DATA LISTING Start Marker

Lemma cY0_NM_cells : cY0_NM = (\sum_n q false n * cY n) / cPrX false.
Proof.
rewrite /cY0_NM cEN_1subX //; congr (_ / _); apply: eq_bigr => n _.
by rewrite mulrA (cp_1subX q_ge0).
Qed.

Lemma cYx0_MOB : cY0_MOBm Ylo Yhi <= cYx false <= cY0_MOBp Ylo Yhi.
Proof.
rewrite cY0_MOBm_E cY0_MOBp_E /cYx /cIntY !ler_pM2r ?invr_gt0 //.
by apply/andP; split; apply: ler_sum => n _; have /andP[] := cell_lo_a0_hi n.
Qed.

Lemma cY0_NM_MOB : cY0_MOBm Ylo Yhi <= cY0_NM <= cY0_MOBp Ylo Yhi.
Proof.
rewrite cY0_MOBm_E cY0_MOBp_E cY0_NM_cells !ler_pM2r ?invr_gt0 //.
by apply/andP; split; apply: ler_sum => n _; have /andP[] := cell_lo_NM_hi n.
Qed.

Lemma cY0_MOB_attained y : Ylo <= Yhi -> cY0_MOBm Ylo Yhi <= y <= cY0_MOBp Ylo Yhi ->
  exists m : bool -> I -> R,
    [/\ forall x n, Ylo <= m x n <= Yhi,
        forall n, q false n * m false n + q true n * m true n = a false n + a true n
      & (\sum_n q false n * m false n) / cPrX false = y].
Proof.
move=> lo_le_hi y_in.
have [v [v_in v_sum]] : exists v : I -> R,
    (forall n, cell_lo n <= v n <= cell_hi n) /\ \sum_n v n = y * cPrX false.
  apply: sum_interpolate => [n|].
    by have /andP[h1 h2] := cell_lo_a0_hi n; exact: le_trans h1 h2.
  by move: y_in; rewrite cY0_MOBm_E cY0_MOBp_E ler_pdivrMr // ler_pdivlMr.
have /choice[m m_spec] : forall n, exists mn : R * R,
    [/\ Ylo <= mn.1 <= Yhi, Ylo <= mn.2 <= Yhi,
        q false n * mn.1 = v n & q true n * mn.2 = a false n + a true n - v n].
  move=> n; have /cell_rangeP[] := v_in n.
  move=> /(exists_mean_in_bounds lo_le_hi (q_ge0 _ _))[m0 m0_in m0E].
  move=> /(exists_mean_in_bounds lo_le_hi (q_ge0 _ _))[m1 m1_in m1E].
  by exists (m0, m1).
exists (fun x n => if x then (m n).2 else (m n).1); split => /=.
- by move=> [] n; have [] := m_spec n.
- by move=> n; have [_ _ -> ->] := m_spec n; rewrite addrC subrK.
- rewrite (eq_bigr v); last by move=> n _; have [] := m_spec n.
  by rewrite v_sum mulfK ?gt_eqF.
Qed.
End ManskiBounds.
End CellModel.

DATA LISTING End Marker

| WORK TO COMPLETE |
Without altering anything, print all of the data again.

| ANSWER SPACE |
Lemma cY0_NM_cells : cY0_NM = (\sum_n q false n * cY n) / cPrX false.
Proof.
rewrite /cY0_NM cEN_1subX //; congr (_ / _); apply: eq_bigr => n _.
by rewrite mulrA (cp_1subX q_ge0).
Qed.

Lemma cYx0_MOB : cY0_MOBm Ylo Yhi <= cYx false <= cY0_MOBp Ylo Yhi.
Proof.
rewrite cY0_MOBm_E cY0_MOBp_E /cYx /cIntY !ler_pM2r ?invr_gt0 //.
by apply/andP; split; apply: ler_sum => n _; have /andP[] := cell_lo_a0_hi n.
Qed.

Lemma cY0_NM_MOB : cY0_MOBm Ylo Yhi <= cY0_NM <= cY0_MOBp Ylo Yhi.
Proof.
rewrite cY0_MOBm_E cY0_MOBp_E cY0_NM_cells !ler_pM2r ?invr_gt0 //.
by apply/andP; split; apply: ler_sum => n _; have /andP[] := cell_lo_NM_hi n.
Qed.

Lemma cY0_MOB_attained y : Ylo <= Yhi -> cY0_MOBm Ylo Yhi <= y <= cY0_MOBp Ylo Yhi ->
  exists m : bool -> I -> R,
    [/\ forall x n, Ylo <= m x n <= Yhi,
        forall n, q false n * m false n + q true n * m true n = a false n + a true n
      & (\sum_n q false n * m false n) / cPrX false = y].
Proof.
move=> lo_le_hi y_in.
have [v [v_in v_sum]] : exists v : I -> R,
    (forall n, cell_lo n <= v n <= cell_hi n) /\ \sum_n v n = y * cPrX false.
  apply: sum_interpolate => [n|].
    by have /andP[h1 h2] := cell_lo_a0_hi n; exact: le_trans h1 h2.
  by move: y_in; rewrite cY0_MOBm_E cY0_MOBp_E ler_pdivrMr // ler_pdivlMr.
have /choice[m m_spec] : forall n, exists mn : R * R,
    [/\ Ylo <= mn.1 <= Yhi, Ylo <= mn.2 <= Yhi,
        q false n * mn.1 = v n & q true n * mn.2 = a false n + a true n - v n].
  move=> n; have /cell_rangeP[] := v_in n.
  move=> /(exists_mean_in_bounds lo_le_hi (q_ge0 _ _))[m0 m0_in m0E].
  move=> /(exists_mean_in_bounds lo_le_hi (q_ge0 _ _))[m1 m1_in m1E].
  by exists (m0, m1).
exists (fun x n => if x then (m n).2 else (m n).1); split => /=.
- by move=> [] n; have [] := m_spec n.
- by move=> n; have [_ _ -> ->] := m_spec n; rewrite addrC subrK.
- rewrite (eq_bigr v); last by move=> n _; have [] := m_spec n.
  by rewrite v_sum mulfK ?gt_eqF.
Qed.
End ManskiBounds.
End CellModel.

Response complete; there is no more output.